[ABOUT THIS EXERCISE] Filter the listing and keep only the lines with the word "leqNgt".

▶

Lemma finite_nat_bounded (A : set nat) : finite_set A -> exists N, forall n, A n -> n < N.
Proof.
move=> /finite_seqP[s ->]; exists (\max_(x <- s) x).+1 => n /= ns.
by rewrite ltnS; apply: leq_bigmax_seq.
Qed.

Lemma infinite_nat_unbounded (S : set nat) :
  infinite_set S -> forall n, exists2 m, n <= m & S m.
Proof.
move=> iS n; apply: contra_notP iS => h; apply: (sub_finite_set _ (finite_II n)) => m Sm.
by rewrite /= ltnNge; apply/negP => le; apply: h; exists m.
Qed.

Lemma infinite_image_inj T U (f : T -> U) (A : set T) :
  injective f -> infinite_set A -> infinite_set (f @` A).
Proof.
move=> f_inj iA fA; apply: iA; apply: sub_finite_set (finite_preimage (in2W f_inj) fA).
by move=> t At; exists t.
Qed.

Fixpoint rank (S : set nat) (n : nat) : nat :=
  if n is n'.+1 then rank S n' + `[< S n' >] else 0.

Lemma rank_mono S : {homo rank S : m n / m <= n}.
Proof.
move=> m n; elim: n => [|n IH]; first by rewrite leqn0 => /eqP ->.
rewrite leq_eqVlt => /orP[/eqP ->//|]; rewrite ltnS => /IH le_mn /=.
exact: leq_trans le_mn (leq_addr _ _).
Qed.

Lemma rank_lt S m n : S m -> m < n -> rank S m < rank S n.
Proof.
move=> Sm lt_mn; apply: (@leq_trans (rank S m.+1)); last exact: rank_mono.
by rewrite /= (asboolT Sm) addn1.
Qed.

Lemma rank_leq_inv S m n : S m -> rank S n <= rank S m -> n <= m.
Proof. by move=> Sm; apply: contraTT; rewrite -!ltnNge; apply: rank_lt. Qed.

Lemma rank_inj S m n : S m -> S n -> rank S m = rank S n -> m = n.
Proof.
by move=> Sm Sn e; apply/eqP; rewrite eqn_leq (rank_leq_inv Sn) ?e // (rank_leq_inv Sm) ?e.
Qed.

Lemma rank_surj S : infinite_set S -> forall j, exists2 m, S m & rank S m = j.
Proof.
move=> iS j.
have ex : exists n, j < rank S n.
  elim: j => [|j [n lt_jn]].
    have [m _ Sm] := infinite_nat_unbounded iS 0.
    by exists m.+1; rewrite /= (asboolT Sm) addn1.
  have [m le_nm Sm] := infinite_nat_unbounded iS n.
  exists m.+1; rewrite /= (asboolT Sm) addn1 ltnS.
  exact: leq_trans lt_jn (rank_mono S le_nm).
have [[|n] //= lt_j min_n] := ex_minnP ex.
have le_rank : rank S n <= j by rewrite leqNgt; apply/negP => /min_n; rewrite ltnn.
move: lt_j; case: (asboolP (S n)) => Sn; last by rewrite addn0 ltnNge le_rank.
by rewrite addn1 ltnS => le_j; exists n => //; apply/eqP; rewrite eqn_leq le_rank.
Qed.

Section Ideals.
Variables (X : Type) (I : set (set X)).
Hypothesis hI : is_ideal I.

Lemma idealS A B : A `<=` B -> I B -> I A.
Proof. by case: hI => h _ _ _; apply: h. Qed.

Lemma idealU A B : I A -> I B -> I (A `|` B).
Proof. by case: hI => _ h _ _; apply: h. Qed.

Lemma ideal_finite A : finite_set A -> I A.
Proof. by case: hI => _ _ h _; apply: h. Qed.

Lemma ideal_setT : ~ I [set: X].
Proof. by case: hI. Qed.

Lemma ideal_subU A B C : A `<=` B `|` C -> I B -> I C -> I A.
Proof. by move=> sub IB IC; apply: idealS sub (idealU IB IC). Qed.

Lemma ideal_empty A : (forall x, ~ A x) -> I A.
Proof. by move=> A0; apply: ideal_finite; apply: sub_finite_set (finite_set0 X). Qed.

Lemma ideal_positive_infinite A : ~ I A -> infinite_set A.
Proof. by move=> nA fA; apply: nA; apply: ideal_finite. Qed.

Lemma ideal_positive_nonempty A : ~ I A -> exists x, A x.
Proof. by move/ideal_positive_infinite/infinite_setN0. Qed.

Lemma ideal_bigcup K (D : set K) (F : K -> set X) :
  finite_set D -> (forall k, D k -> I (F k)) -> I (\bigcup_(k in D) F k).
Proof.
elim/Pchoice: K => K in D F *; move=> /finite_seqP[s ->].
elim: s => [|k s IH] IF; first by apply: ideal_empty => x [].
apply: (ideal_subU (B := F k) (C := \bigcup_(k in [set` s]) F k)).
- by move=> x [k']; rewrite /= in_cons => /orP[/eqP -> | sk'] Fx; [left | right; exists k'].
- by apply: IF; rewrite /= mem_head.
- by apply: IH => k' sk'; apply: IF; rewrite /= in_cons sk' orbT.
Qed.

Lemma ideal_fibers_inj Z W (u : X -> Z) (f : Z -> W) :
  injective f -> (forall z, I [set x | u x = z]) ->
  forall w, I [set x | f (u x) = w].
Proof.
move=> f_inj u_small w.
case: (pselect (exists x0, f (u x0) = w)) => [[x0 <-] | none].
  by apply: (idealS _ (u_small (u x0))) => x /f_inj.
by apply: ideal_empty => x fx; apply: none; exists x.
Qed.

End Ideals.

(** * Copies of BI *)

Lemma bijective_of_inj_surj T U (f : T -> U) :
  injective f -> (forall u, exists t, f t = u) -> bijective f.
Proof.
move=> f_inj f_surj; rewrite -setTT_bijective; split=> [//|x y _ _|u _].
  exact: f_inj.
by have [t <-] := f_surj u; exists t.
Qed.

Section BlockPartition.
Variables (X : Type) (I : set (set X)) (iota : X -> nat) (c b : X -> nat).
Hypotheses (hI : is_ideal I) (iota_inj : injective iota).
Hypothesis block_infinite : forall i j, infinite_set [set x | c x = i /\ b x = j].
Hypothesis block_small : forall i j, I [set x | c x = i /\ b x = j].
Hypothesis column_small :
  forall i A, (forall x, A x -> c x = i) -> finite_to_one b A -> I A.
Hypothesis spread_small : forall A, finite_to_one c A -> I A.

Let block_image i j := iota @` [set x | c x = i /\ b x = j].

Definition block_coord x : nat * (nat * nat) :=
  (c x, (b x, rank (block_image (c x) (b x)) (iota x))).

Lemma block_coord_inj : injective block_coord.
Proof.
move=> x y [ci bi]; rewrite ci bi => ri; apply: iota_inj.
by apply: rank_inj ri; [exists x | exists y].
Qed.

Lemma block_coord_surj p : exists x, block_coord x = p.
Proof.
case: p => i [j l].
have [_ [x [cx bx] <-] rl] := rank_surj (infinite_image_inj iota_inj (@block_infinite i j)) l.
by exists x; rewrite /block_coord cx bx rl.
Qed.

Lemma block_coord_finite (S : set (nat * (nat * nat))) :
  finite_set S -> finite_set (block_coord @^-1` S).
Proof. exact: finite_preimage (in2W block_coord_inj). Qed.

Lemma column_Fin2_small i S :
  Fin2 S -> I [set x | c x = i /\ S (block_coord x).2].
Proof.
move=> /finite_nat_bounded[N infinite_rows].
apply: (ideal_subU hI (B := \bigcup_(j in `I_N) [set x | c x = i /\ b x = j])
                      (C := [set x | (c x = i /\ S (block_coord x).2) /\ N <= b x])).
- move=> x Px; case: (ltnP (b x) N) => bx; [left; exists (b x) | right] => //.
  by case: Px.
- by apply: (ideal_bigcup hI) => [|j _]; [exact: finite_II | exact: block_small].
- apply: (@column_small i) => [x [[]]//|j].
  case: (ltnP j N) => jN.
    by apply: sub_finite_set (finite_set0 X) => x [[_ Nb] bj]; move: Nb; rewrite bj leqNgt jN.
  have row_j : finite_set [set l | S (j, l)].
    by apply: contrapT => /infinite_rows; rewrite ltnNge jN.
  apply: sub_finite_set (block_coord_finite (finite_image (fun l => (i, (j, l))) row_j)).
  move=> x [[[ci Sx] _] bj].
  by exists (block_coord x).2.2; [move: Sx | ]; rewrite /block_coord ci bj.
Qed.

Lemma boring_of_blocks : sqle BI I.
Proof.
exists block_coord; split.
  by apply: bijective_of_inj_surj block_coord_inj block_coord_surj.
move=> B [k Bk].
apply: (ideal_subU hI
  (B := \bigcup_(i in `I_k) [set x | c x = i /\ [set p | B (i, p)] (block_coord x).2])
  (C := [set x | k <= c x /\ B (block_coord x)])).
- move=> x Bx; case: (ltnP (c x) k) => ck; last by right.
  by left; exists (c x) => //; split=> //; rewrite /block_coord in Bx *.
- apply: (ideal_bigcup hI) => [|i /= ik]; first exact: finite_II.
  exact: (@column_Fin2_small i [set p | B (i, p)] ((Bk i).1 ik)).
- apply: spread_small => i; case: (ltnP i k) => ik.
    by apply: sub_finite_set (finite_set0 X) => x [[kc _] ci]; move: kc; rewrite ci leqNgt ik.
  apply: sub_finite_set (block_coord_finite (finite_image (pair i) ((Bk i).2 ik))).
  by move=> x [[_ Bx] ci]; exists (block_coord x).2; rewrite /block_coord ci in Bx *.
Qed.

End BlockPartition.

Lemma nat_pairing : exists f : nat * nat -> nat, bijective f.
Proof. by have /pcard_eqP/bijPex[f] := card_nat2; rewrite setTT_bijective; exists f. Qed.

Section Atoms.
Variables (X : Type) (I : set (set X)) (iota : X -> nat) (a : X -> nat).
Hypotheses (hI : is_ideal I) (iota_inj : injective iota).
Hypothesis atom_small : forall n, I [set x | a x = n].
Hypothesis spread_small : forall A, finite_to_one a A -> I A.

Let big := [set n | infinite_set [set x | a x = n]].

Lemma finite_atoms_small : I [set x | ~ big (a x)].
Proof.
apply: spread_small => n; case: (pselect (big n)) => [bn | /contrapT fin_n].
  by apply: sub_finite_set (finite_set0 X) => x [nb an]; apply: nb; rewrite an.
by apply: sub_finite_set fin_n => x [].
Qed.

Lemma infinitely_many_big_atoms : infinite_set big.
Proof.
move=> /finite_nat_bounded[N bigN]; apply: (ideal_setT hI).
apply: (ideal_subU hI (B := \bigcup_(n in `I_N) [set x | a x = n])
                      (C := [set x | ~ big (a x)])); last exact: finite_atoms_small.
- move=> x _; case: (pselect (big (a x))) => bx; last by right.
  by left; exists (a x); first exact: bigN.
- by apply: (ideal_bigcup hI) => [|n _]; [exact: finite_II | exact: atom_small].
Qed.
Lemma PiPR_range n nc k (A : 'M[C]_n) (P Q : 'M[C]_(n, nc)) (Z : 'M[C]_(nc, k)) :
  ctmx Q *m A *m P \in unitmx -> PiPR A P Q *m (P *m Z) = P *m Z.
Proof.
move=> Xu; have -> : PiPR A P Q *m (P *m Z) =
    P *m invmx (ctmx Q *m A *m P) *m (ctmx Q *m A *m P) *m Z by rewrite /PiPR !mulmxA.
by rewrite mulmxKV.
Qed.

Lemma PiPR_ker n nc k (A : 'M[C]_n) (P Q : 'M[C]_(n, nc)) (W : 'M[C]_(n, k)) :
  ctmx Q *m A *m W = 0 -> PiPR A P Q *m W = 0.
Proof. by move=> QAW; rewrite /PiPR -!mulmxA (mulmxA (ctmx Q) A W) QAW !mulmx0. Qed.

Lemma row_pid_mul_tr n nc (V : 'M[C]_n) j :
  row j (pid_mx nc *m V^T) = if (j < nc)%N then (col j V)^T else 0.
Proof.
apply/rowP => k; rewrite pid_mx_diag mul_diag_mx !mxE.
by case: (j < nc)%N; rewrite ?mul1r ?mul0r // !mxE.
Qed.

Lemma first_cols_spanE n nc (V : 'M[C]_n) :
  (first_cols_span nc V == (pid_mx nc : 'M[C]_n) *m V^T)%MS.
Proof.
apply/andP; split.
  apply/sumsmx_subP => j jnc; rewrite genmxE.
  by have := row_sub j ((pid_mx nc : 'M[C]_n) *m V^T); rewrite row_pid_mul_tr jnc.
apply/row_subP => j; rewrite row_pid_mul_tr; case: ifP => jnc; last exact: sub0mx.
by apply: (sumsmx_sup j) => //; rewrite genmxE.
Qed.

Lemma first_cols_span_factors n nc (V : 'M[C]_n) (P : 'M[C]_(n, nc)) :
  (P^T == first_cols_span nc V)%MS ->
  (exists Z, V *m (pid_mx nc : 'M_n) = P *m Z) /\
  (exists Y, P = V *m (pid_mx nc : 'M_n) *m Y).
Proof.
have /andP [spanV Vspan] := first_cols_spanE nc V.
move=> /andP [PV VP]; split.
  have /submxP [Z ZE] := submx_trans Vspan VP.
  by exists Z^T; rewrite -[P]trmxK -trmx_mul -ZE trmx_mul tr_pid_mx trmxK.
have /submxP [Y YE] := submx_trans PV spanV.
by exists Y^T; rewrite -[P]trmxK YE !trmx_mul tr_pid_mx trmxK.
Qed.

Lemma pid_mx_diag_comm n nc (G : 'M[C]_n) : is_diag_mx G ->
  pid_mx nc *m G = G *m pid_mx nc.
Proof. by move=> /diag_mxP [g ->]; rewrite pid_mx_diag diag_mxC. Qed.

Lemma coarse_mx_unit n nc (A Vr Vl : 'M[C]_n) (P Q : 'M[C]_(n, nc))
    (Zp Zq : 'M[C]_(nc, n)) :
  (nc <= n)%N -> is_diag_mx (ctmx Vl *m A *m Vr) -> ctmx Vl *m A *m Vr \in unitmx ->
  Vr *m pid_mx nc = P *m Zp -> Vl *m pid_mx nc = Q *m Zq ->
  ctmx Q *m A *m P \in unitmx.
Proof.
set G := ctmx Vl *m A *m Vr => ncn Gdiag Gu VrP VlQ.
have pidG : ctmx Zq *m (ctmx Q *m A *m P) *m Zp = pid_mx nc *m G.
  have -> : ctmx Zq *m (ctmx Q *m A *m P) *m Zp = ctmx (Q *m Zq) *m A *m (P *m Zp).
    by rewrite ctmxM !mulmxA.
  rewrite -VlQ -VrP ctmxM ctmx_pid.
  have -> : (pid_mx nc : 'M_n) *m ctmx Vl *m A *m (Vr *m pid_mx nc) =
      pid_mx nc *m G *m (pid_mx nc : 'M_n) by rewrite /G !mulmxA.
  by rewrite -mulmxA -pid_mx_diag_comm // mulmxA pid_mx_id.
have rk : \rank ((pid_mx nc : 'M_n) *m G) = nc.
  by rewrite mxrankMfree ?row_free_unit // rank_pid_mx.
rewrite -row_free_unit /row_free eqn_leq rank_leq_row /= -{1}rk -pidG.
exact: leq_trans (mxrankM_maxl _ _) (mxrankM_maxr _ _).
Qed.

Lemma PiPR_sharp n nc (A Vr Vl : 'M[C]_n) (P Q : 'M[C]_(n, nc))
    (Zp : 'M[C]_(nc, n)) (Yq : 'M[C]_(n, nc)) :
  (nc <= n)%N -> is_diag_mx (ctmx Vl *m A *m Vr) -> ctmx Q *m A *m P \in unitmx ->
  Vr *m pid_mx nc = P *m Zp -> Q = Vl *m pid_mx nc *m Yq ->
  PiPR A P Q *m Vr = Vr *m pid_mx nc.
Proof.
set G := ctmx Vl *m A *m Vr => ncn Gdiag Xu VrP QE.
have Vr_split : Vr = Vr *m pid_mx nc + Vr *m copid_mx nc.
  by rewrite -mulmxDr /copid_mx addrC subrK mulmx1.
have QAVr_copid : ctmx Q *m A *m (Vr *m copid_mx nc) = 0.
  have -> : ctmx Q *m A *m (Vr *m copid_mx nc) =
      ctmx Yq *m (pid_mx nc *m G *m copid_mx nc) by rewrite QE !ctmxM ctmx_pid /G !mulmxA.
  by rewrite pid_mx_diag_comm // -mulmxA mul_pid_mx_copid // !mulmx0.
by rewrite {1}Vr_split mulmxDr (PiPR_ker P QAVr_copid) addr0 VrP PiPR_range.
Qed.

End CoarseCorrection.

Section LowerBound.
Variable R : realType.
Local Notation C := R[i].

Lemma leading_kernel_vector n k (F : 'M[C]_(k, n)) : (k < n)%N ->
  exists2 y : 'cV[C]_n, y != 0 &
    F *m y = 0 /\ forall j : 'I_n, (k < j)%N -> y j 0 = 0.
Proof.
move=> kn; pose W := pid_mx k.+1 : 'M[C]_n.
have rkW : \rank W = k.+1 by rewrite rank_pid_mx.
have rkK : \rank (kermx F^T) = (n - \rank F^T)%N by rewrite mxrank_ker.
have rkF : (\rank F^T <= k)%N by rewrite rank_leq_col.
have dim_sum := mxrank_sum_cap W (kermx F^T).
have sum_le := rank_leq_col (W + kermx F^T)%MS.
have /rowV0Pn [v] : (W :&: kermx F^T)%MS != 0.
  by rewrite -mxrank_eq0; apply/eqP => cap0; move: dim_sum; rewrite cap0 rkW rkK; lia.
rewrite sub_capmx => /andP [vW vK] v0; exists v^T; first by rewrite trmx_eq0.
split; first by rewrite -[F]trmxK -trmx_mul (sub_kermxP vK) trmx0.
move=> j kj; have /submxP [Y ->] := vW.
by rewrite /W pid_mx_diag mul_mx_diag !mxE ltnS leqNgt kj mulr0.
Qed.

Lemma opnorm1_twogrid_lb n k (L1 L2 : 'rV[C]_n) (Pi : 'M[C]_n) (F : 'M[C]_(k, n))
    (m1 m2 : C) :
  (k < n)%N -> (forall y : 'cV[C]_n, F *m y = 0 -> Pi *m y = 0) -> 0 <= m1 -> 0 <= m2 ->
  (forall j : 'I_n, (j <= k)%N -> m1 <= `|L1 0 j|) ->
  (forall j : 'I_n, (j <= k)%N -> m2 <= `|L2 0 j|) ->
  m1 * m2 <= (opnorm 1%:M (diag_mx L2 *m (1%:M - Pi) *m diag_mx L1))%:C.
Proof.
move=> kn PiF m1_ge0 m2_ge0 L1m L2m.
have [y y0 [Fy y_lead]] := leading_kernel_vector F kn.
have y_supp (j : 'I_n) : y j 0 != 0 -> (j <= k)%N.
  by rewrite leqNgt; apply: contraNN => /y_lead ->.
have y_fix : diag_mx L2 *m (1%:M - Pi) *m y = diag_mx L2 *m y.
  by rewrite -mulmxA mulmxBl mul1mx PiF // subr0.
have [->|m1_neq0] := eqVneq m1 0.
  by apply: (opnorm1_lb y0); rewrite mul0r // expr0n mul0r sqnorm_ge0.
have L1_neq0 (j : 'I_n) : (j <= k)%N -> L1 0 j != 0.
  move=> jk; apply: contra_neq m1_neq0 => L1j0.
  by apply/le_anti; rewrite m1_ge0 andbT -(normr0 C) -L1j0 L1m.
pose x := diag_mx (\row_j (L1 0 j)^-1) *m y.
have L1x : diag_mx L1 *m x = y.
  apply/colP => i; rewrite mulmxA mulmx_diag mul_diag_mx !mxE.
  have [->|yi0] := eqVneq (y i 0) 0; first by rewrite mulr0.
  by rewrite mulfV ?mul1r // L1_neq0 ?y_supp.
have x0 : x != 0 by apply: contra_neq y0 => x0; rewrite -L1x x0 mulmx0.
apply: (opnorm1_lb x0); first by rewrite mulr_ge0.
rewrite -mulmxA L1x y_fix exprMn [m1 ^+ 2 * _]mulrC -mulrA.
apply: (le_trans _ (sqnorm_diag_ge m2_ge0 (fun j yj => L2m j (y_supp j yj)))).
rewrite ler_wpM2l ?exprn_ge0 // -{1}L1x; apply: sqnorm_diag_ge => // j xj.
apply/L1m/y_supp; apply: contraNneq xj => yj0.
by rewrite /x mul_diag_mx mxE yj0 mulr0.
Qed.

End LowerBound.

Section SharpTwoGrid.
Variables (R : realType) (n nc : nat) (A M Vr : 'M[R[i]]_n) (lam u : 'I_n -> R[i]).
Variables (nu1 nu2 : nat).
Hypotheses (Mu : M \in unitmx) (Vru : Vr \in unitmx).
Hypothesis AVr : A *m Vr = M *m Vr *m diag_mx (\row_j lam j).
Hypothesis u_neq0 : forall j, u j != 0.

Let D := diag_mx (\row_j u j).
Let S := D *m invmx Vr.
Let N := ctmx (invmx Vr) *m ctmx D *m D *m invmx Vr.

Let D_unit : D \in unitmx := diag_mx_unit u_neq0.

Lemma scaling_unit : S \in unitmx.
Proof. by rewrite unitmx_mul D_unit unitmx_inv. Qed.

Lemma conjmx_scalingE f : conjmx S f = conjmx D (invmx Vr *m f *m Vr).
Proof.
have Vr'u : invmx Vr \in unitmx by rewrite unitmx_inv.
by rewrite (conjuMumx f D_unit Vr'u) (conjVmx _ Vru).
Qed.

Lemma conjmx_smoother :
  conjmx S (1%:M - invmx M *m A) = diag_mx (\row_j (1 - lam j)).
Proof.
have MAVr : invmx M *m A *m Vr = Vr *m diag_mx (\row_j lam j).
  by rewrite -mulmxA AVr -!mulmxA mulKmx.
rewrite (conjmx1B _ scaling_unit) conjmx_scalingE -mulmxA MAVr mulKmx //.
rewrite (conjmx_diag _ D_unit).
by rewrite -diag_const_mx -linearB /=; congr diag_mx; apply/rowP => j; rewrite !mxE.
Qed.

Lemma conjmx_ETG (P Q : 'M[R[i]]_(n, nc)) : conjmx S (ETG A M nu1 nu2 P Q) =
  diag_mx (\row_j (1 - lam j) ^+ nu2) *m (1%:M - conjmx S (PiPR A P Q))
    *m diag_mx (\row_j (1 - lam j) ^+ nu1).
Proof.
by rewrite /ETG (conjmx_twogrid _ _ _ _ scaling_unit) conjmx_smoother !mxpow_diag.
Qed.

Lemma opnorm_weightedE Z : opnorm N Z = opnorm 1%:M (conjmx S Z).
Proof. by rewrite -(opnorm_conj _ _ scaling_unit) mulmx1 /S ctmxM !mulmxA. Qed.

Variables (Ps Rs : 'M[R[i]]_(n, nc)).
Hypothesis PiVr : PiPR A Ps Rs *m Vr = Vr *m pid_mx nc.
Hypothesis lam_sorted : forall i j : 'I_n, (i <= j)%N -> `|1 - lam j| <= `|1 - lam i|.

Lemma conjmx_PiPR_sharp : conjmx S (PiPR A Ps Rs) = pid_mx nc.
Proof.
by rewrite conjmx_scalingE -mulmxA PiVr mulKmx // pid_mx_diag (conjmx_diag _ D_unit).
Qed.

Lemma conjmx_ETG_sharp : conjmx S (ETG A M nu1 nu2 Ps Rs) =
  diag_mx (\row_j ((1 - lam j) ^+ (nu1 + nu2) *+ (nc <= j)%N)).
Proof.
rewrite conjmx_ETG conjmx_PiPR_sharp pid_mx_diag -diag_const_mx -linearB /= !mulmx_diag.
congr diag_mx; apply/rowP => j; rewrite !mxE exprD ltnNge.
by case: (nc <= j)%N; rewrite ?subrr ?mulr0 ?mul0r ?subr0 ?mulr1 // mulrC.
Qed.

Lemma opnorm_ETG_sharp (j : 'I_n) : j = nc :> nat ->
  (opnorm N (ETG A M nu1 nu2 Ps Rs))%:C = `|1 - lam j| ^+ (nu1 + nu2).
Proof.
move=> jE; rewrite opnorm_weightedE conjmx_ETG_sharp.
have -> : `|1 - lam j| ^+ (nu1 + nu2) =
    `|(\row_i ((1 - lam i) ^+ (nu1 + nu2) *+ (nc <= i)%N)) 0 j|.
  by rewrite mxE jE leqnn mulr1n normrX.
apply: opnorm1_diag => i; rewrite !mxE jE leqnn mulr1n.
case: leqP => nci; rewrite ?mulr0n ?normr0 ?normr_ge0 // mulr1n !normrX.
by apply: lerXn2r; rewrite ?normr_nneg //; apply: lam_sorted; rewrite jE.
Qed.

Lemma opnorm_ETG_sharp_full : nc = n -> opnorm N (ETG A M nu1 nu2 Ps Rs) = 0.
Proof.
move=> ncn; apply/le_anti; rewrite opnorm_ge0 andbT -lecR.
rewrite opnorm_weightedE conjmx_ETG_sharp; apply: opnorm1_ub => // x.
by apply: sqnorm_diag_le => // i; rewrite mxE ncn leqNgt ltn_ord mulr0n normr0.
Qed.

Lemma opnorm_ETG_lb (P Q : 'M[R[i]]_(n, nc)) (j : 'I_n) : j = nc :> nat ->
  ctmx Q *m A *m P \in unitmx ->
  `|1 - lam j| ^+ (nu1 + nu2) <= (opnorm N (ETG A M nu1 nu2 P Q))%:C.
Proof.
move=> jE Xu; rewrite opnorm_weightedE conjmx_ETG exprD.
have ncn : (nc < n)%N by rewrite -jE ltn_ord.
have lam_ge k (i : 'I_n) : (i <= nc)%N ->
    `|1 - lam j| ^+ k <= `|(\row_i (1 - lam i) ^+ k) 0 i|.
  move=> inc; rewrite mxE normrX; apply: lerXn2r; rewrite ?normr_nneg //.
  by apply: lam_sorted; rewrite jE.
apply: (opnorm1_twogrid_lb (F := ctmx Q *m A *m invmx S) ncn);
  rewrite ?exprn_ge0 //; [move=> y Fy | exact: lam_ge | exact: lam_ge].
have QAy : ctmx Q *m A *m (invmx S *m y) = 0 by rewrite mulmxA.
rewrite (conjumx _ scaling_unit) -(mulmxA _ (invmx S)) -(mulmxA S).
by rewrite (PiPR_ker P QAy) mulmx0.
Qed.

◀

[EXERCISE RESPONSE]
have le_rank : rank S n <= j by rewrite leqNgt; apply/negP => /min_n; rewrite ltnn.
    by apply: sub_finite_set (finite_set0 X) => x [[_ Nb] bj]; move: Nb; rewrite bj leqNgt jN.
    by apply: sub_finite_set (finite_set0 X) => x [[kc _] ci]; move: kc; rewrite ci leqNgt ik.
by rewrite /W pid_mx_diag mul_mx_diag !mxE ltnS leqNgt kj mulr0.
  by rewrite leqNgt; apply: contraNN => /y_lead ->.
by apply: sqnorm_diag_le => // i; rewrite mxE ncn leqNgt ltn_ord mulr0n normr0.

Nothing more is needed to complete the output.